On January 9, the defendants in National Treasury Employees Union (NTEU) v. Vought filed a notice and exhibit in the U.S. District Court for the District of Columbia confirming that the Acting Director of the Consumer Financial Protection Bureau (CFPB or Bureau) has now requested funding from the Federal Reserve Board (Federal Reserve), as required by Judge Amy Berman Jackson’s December 30, 2025 order.
In our prior post (here), we explained how Judge Jackson rejected the U.S. Department of Justice Office of Legal Counsel’s (OLC) view of the CFPB’s funding statute and clarified that the Bureau could not engineer a “funding lapse” by declining to request transfers from the Federal Reserve in order to evade the court’s existing preliminary injunction. The latest filing is the Bureau’s concrete response to that ruling.
Background
As previously discussed, Judge Jackson’s December 30 order addressed two key issues. First, she held that the term “combined earnings” found in 12 U.S.C. § 5497(a)(1) refers to the Federal Reserve System’s earnings, not a net profit figure reduced by interest expense, thereby rejecting OLC’s narrower interpretation. Second, she clarified that the CFPB cannot claim a funding “lapse” of its own making. Because the injunction obligates the Bureau to continue operating, maintain staffing, facilities, and core statutory functions, the court concluded that the duty to seek necessary funding is implicit in those ongoing obligations. Choosing not to request funds, Judge Jackson wrote, would “deliberately frustrate” the injunction and could not be used as a defense to noncompliance.
The January 9 Notice and Funding Request
In the January 9 notice, the defendants inform the court that, in accordance with the December 30 order, the CFPB Acting Director “has prepared the required funding request and, today, has submitted it to the Board of Governors of the Federal Reserve System.” The notice attaches the funding request as Exhibit A.
That funding request from Acting Director Vought to Federal Reserve Chair Jerome Powell recites the Consumer Financial Protection Act’s funding provision, which requires the Federal Reserve to transfer each quarter an “amount determined by the Director to be reasonably necessary” from the “combined earnings of the Federal Reserve System” for the CFPB to carry out its authorities.
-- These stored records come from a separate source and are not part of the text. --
(* Let $\mathsf{L}$ be a logic, $\mathcal{C}$ a class of $\mathsf{L}$-models, and $\Theta$ an $(\mathsf{L},\mathcal{C})$-pair (with, for each $M\in\mathcal{C}$, fixed functions $\mathsf{sem}^o_M$ witnessing the inductive property and a fixed set $\mathsf{SAT}_M$ as described in the context). Then the semantic enumeration procedure described in the context, run on a $\mathcal{C}$-sample $\mathcal{S}=(\mathcal{P},\mathcal{N})$, accepts if and only if $\mathcal{S}$ is $\mathsf{L}$-separable; that is, it decides the passive learning problem $\mathsf{PvLn}(\mathsf{L},\mathcal{C})$.
   Context: A logic $\mathsf{L}$ is given by a syntax $(\mathcal{T},\mathcal{T}_f,\mathsf{Op},(\tau_o)_{o\in\mathsf{Op}},T)$: $\mathcal{T}$ a non-empty finite set of types, $\emptyset\neq\mathcal{T}_f\subseteq\mathcal{T}$ final types, $\mathsf{Op}=\mathsf{Op}_0\uplus\mathsf{Op}_1\uplus\mathsf{Op}_2$ operators of arity 0,1,2 with $\mathsf{Op}_0\ne\emptyset$, each $o$ with a type $\tau_o\in\mathcal{T}$ and sets $T(o,i)\subseteq\mathcal{T}$ of allowed argument types. Formulas of type $\tau$, $\mathsf{Fm}_{\mathsf{L}}(\tau)$, are built inductively: $o\in\mathsf{Op}_0$ has type $\tau_o$; $o(\varphi_1)$ (resp. $o(\varphi_1,\varphi_2)$) has type $\tau_o$ when each $\varphi_i$ has a type in $T(o,i)$. $\mathsf{Fm}_{\mathsf{L}}(X)=\bigcup_{\tau\in X}\mathsf{Fm}_{\mathsf{L}}(\tau)$; final formulas are $\mathsf{Fm}^f_{\mathsf{L}}=\mathsf{Fm}_{\mathsf{L}}(\mathcal{T}_f)$. An $\mathsf{L}$-model $M$ has a satisfaction relation $M\models\varphi$ for final formulas; a class of $\mathsf{L}$-models is a set of them. A $\mathcal{C}$-sample is a pair $(\mathcal{P},\mathcal{N})$ of finite subsets of $\mathcal{C}$; it is $\mathsf{L}$-separable if some final formula $\varphi$ has $M\models\varphi$ for all $M\in\mathcal{P}$ and $M\not\models\varphi$ for all $M\in\mathcal{N}$. $\mathsf{PvLn}(\mathsf{L},\mathcal{C})$: given a $\mathcal{C}$-sample, decide whether it is $\mathsf{L}$-separable. An $(\mathsf{L},M)$-pair $(\mathsf{SEM}_M,\mathsf{sem}_M)$: a finite set $\mathsf{SEM}_M=\bigcup_\tau\mathsf{SEM}_M(\tau)$ (pairwise disjoint parts) and $\mathsf{sem}_M:\mathsf{Fm}_{\mathsf{L}}\to\mathsf{SEM}_M$ mapping type-$\tau$ formulas into $\mathsf{SEM}_M(\tau)$; $\mathsf{SEM}_M(X)=\bigcup_{\tau\in X}\mathsf{SEM}_M(\tau)$. It captures the $\mathsf{L}$-semantics if for all $\tau$ and all final $\varphi,\varphi'$ of type $\tau$ with $\mathsf{sem}_M(\varphi)=\mathsf{sem}_M(\varphi')$ we have $M\models\varphi$ iff $M\models\varphi'$; in that case fix a subset $\mathsf{SAT}_M\subseteq\mathsf{SEM}_M$ such that for every final $\varphi$, $M\models\varphi$ iff $\mathsf{sem}_M(\varphi)\in\mathsf{SAT}_M$. It satisfies the inductive property if for each $o\in\mathsf{Op}_1$ there is $\mathsf{sem}^o_M:\mathsf{SEM}_M(T(o,1))\to\mathsf{SEM}_M(\tau_o)$ with $\mathsf{sem}_M(o(\varphi_1))=\mathsf{sem}^o_M(\mathsf{sem}_M(\varphi_1))$ for all $\varphi_1\in\mathsf{Fm}_{\mathsf{L}}(T(o,1))$, and for each $o\in\mathsf{Op}_2$ there is $\mathsf{sem}^o_M:\mathsf{SEM}_M(T(o,1))\times\mathsf{SEM}_M(T(o,2))\to\mathsf{SEM}_M(\tau_o)$ with $\mathsf{sem}_M(o(\varphi_1,\varphi_2))=\mathsf{sem}^o_M(\mathsf{sem}_M(\varphi_1),\mathsf{sem}_M(\varphi_2))$; fix such functions. An $(\mathsf{L},\mathcal{C})$-pair is a family $(\Theta_M)_{M\in\mathcal{C}}$ of $(\mathsf{L},M)$-pairs each capturing the $\mathsf{L}$-semantics and satisfying the inductive property. The procedure on input $\mathcal{S}=(\mathcal{P},\mathcal{N})$ (with $\mathcal{S}$ identified with $\mathcal{P}\cup\mathcal{N}$): start with the set $R$ of pairs $((\mathsf{sem}_M(o))_{M\in\mathcal{S}},\tau_o)$ for $o\in\mathsf{Op}_0$; repeatedly, until $R$ no longer changes, add for every $o\in\mathsf{Op}_1$ and every $(X,\tau_1)\in R$ with $\tau_1\in T(o,1)$ the pair $((\mathsf{sem}^o_M(X[M]))_{M\in\mathcal{S}},\tau_o)$, and for every $o\in\mathsf{Op}_2$ and all $(X_1,\tau_1),(X_2,\tau_2)\in R$ with $\tau_i\in T(o,i)$ the pair $((\mathsf{sem}^o_M(X_1[M],X_2[M]))_{M\in\mathcal{S}},\tau_o)$. Finally, accept iff there is $(X,\tau)\in R$ with $\tau\in\mathcal{T}_f$, $X[M]\in\mathsf{SAT}_M$ for all $M\in\mathcal{P}$ and $X[M]\in\mathsf{SEM}_M\setminus\mathsf{SAT}_M$ for all $M\in\mathcal{N}$; otherwise reject. *)

From mathcomp Require Import all_boot.
From Stdlib Require List.

Set Implicit Arguments.
Unset Strict Implicit.
Unset Printing Implicit Defensive.

(* Op = Op0 (+) Op1 (+) Op2 is given by three separate carrier types.  *)
Record logic := Logic {
  ty : finType;
  final : {set ty};
  final_nonempty : final != set0;
  Op0 : Type; Op1 : Type; Op2 : Type;
  Op0_nonempty : inhabited Op0;
  tau0 : Op0 -> ty; tau1 : Op1 -> ty; tau2 : Op2 -> ty;
  T1 : Op1 -> {set ty};
  T21 : Op2 -> {set ty};
  T22 : Op2 -> {set ty}
}.

Inductive form (L : logic) : Type :=
| FOp0 : Op0 L -> form L
| FOp1 : Op1 L -> form L -> form L
| FOp2 : Op2 L -> form L -> form L -> form L.

Definition fty (L : logic) (f : form L) : ty L :=
  match f with
  | FOp0 o => tau0 o
  | FOp1 o _ => tau1 o
  | FOp2 o _ _ => tau2 o
  end.

Fixpoint wf (L : logic) (f : form L) : bool :=
  match f with
  | FOp0 _ => true
  | FOp1 o g => wf g && (fty g \in T1 o)
  | FOp2 o g h => [&& wf g, fty g \in T21 o, wf h & fty h \in T22 o]
  end.

Definition is_fm (L : logic) (f : form L) (t : ty L) : Prop :=
  wf f /\ fty f = t.

Definition is_final (L : logic) (f : form L) : Prop :=
  wf f /\ fty f \in final L.

(* SEM_M is a finite type; its partition into SEM_M(tau) is given by   *)
(* semty : SEM_M -> T  (SEM_M(tau) = [set x | semty x == tau]).        *)
(* sem^o_M are total functions, constrained on their domain            *)
(* SEM_M(T(o,i)) only.                                                 *)
Record LMpair (L : logic) := LMPair {
  SEM : finType;
  semty : SEM -> ty L;
  sem : form L -> SEM;
  SAT : {set SEM};
  sem1 : Op1 L -> SEM -> SEM;
  sem2 : Op2 L -> SEM -> SEM -> SEM
}.
Arguments SEM {L} l.
Arguments semty {L} l _.
Arguments sem {L} l _.
Arguments SAT {L} l.
Arguments sem1 {L} l _ _.
Arguments sem2 {L} l _ _ _.

Definition LMpair_ok (L : logic) (Model : Type)
  (sat : Model -> form L -> Prop) (M : Model) (p : LMpair L) : Prop :=
  (forall f t, is_fm f t -> semty p (sem p f) = t) /\
  (forall f f' t, is_final f -> is_final f' -> is_fm f t -> is_fm f' t ->
      sem p f = sem p f' -> (sat M f <-> sat M f')) /\
  (forall f, is_final f -> (sat M f <-> sem p f \in SAT p)) /\
  (forall o x, semty p x \in T1 o -> semty p (sem1 p o x) = tau1 o) /\
  (forall o f, wf f -> fty f \in T1 o ->
      sem p (FOp1 o f) = sem1 p o (sem p f)) /\
  (forall o x y, semty p x \in T21 o -> semty p y \in T22 o ->
      semty p (sem2 p o x y) = tau2 o) /\
  (forall o f g, wf f -> fty f \in T21 o -> wf g -> fty g \in T22 o ->
      sem p (FOp2 o f g) = sem2 p o (sem p f) (sem p g)).

Definition LCpair (L : logic) (Model : Type) (sat : Model -> form L -> Prop)
  (C : Model -> Prop) (Theta : Model -> LMpair L) : Prop :=
  forall M, C M -> LMpair_ok sat M (Theta M).

Definition sample (Model : Type) (C : Model -> Prop) (P N : seq Model) : Prop :=
  (forall M, List.In M P -> C M) /\ (forall M, List.In M N -> C M).

Definition separable (L : logic) (Model : Type) (sat : Model -> form L -> Prop)
  (P N : seq Model) : Prop :=
  exists f, is_final f /\ (forall M, List.In M P -> sat M f) /\
                          (forall M, List.In M N -> ~ sat M f).

(* The sample S = P u N is enumerated as the list s := P ++ N; a tuple *)
(* X assigns to each position i of s an element of SEM_{s_i}.          *)
(* InR is the final value of R: the least set containing the initial   *)
(* pairs and closed under the two saturation rules (= the limit of the *)
(* "repeat until R no longer changes" loop).                           *)
Definition smodel (Model : Type) (s : seq Model) (i : 'I_(size s)) : Model :=
  tnth (in_tuple s) i.

Definition semtuple (L : logic) (Model : Type) (Theta : Model -> LMpair L)
  (s : seq Model) : Type :=
  forall i : 'I_(size s), SEM (Theta (smodel i)).

Inductive InR (L : logic) (Model : Type) (Theta : Model -> LMpair L)
  (s : seq Model) : semtuple Theta s -> ty L -> Prop :=
| InR0 (o : Op0 L) :
    InR (fun i => sem (Theta (smodel i)) (FOp0 o)) (tau0 o)
| InR1 (o : Op1 L) (X : semtuple Theta s) (t : ty L) :
    InR X t -> t \in T1 o ->
    InR (fun i => sem1 (Theta (smodel i)) o (X i)) (tau1 o)
| InR2 (o : Op2 L) (X1 X2 : semtuple Theta s) (t1 t2 : ty L) :
    InR X1 t1 -> t1 \in T21 o -> InR X2 t2 -> t2 \in T22 o ->
    InR (fun i => sem2 (Theta (smodel i)) o (X1 i) (X2 i)) (tau2 o).

(* acceptance: positions i < size P are the models of P, the others of N *)
Definition accepts (L : logic) (Model : Type) (Theta : Model -> LMpair L)
  (P N : seq Model) : Prop :=
  exists (X : semtuple Theta (P ++ N)) (t : ty L),
    InR X t /\ t \in final L /\
    (forall i : 'I_(size (P ++ N)),
        if (i < size P)%N then X i \in SAT (Theta (smodel i))
        else X i \notin SAT (Theta (smodel i))).

(* A tuple in R is the semantic profile of some formula on the sample, and the
   profile of every well-formed formula lands in R: the inductive property lets
   each saturation step follow the corresponding formula constructor, and
   conversely.  Since SAT_M decides satisfaction of final formulas, an
   accepting tuple of final type is exactly the profile of a separating
   formula. *)
From mathcomp Require Import all_boot.
From Stdlib Require List.

Set Implicit Arguments.
Unset Strict Implicit.
Unset Printing Implicit Defensive.

Lemma In_nthP (T : Type) (x0 x : T) (s : seq T) :
  List.In x s <-> exists2 j, j < size s & nth x0 s j = x.
Proof.
elim: s => [|y s IHs] /=; first by split=> [|[]].
split=> [[-> | /IHs[j lt_js <-]] | [[|j] /= lt_js jx]].
- by exists 0.
- by exists j.+1.
- by left.
- by right; apply/IHs; exists j.
Qed.

Lemma smodelE (Model : Type) (s : seq Model) (x0 : Model) (i : 'I_(size s)) :
  smodel i = nth x0 s i.
Proof. exact: tnth_nth. Qed.

Section PositionsInSample.

Variables (Model : Type) (P N : seq Model).

Lemma smodel_cat_In (i : 'I_(size (P ++ N))) :
  if i < size P then List.In (smodel i) P else List.In (smodel i) N.
Proof.
pose x0 := smodel i; rewrite (smodelE x0) nth_cat.
case: ltnP => [lt_iP | le_Pi]; apply/(In_nthP x0); first by exists i.
by exists (i - size P); rewrite // ltn_subLR // -size_cat.
Qed.

Lemma In_smodel_catl (M : Model) : List.In M P ->
  exists2 i : 'I_(size (P ++ N)), i < size P & smodel i = M.
Proof.
case/(In_nthP M) => j lt_jP <-.
have lt_jPN : j < size (P ++ N) by rewrite size_cat ltn_addr.
by exists (Ordinal lt_jPN); rewrite //= (smodelE M) nth_cat lt_jP.
Qed.

Lemma In_smodel_catr (M : Model) : List.In M N ->
  exists2 i : 'I_(size (P ++ N)), ~~ (i < size P) & smodel i = M.
Proof.
case/(In_nthP M) => j lt_jN <-.
have lt_jPN : size P + j < size (P ++ N) by rewrite size_cat ltn_add2l.
exists (Ordinal lt_jPN); first by rewrite /= -leqNgt leq_addr.
by rewrite (smodelE M) nth_cat /= ltnNge leq_addr addKn.
Qed.

Lemma sample_smodel (C : Model -> Prop) :
  sample C P N -> forall i : 'I_(size (P ++ N)), C (smodel i).
Proof.
case=> CP CN i; have := smodel_cat_In i.
by case: ifP => _; [apply: CP | apply: CN].
Qed.

End PositionsInSample.

Section SemanticEnumeration.

Variables (L : logic) (Model : Type) (sat : Model -> form L -> Prop).
Variables (C : Model -> Prop) (Theta : Model -> LMpair L).
Hypothesis HTheta : LCpair sat C Theta.

Lemma sem_FOp1 M o f : C M -> wf f -> fty f \in T1 o ->
  sem (Theta M) (FOp1 o f) = sem1 (Theta M) o (sem (Theta M) f).
Proof. by move/HTheta => [_ [_ [_ [_ [semE _]]]]]; apply: semE. Qed.

Lemma sem_FOp2 M o f g : C M -> wf f -> fty f \in T21 o ->
    wf g -> fty g \in T22 o ->
  sem (Theta M) (FOp2 o f g) =
    sem2 (Theta M) o (sem (Theta M) f) (sem (Theta M) g).
Proof. by move/HTheta => [_ [_ [_ [_ [_ [_ semE]]]]]]; apply: semE. Qed.

Lemma satE M f : C M -> is_final f ->
  sat M f <-> sem (Theta M) f \in SAT (Theta M).
Proof. by move/HTheta => [_ [_ [satE _]]]; apply: satE. Qed.

Lemma accepting_profile_separates (P N : seq Model) f :
  sample C P N -> is_final f ->
  (forall i : 'I_(size (P ++ N)),
     if i < size P then sem (Theta (smodel i)) f \in SAT (Theta (smodel i))
     else sem (Theta (smodel i)) f \notin SAT (Theta (smodel i))) <->
  (forall M, List.In M P -> sat M f) /\ (forall M, List.In M N -> ~ sat M f).
Proof.
move=> [CP CN] ff; split=> [acc | [satP unsatN] i].
- split=> M.
  + move=> PM; have [i lt_iP iM] := In_smodel_catl N PM.
    by have := acc i; rewrite lt_iP iM => /(satE (CP M PM) ff).
  + move=> NM; have [i /negbTE ge_iP iM] := In_smodel_catr P NM.
    have := acc i; rewrite ge_iP iM => /negP nsat /(satE (CN M NM) ff).
    exact: nsat.
- have := smodel_cat_In i; case: ifP => _ Mi.
  + by apply/(satE (CP _ Mi) ff); apply: satP.
  + by apply/negP => /(satE (CN _ Mi) ff); apply: unsatN.
Qed.

(* The tuple the procedure builds along the construction of f, computed with
   the functions sem^o_M; it agrees with sem_M only pointwise (eval_tupleE). *)
Fixpoint eval_tuple (s : seq Model) (f : form L) : semtuple Theta s :=
  match f with
  | FOp0 o => fun i => sem (Theta (smodel i)) (FOp0 o)
  | FOp1 o g => fun i => sem1 (Theta (smodel i)) o (eval_tuple g i)
  | FOp2 o g h => fun i =>
      sem2 (Theta (smodel i)) o (eval_tuple g i) (eval_tuple h i)
  end.

Lemma InR_eval_tuple s f : wf f -> InR (eval_tuple (s := s) f) (fty f).
Proof.
elim: f => [o | o g IHg | o g IHg h IHh] /=.
- by move=> _; apply: InR0.
- by case/andP=> /IHg Rg tg; apply: InR1 Rg tg.
- by case/and4P=> /IHg Rg tg /IHh Rh th; apply: InR2 Rg tg Rh th.
Qed.

Variable s : seq Model.
Hypothesis sC : forall i : 'I_(size s), C (smodel i).

Lemma eval_tupleE f (i : 'I_(size s)) :
  wf f -> eval_tuple f i = sem (Theta (smodel i)) f.
Proof.
elim: f => [o | o g IHg | o g IHg h IHh] //=.
- by case/andP=> wg tg; rewrite sem_FOp1 // IHg.
- by case/and4P=> wg tg wh th; rewrite sem_FOp2 // IHg // IHh.
Qed.

Lemma InR_sem (X : semtuple Theta s) t : InR X t ->
  exists2 f, is_fm f t & forall i, X i = sem (Theta (smodel i)) f.
Proof.
elim=> [o | o {}X {}t _ [g [wg <-] Xg] tg | o X1 X2 t1 t2 _ [g [wg <-] X1g] tg
                                                    _ [h [wh <-] X2h] th].
- by exists (FOp0 o).
- exists (FOp1 o g) => [|i]; first by rewrite /is_fm /= wg tg.
  by rewrite sem_FOp1 // Xg.
- exists (FOp2 o g h) => [|i]; first by rewrite /is_fm /= wg tg wh th.
  by rewrite sem_FOp2 // X1g X2h.
Qed.

End SemanticEnumeration.

Theorem theorem2 (L : logic) (Model : Type) (sat : Model -> form L -> Prop)
  (C : Model -> Prop) (Theta : Model -> LMpair L)
  (HTheta : LCpair sat C Theta) (P N : seq Model) (HS : sample C P N) :
  accepts Theta P N <-> separable sat P N.
Proof.
have sC := sample_smodel HS.
split=> [[X [t [RX [ft accX]]]] | [f [[wff ff] sepf]]].
- have [f [wff tf] Xf] := InR_sem HTheta sC RX.
  have ff : is_final f by rewrite /is_final tf.
  exists f; split; first exact: ff.
  apply/(accepting_profile_separates HTheta HS ff) => i.
  by rewrite -Xf; apply: accX.
- exists (eval_tuple Theta (s := P ++ N) f), (fty f).
  split; first exact: InR_eval_tuple.
  split=> // i; rewrite (eval_tupleE HTheta sC _ wff).
  by move: i; apply/(accepting_profile_separates HTheta HS).
Qed.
The letter expressly notes that the Acting Director disagrees with Judge Jackson’s opinion and order regarding OLC’s interpretation of “combined earnings,” but states that, “pursuant to that opinion and order,” he has determined that $145,000,000 is the amount necessary for the Bureau to carry out its authorities for the second quarter of Fiscal Year 2026.
The letter instructs that the funds be deposited into the CFPB’s Fund at the Federal Reserve Bank of New York, with separate disbursement instructions to transfer funding into the Treasury General Account and to direct investments.
Next Steps
The January 9 notice does not resolve the underlying merits of NTEU v. Vought or the broader question of how far the executive branch may go in attempting to dismantle or dramatically curtail a congressionally created agency like the CFPB. Those issues remain before the D.C. Circuit, which has agreed to rehear the case en banc and restored much of Judge Jackson’s preliminary injunction.
We will continue to monitor developments in the district court and the D.C. Circuit litigation, including any further disputes over the Bureau’s compliance with the injunction and the ultimate contours of the legal framework governing the CFPB’s funding and ongoing operations.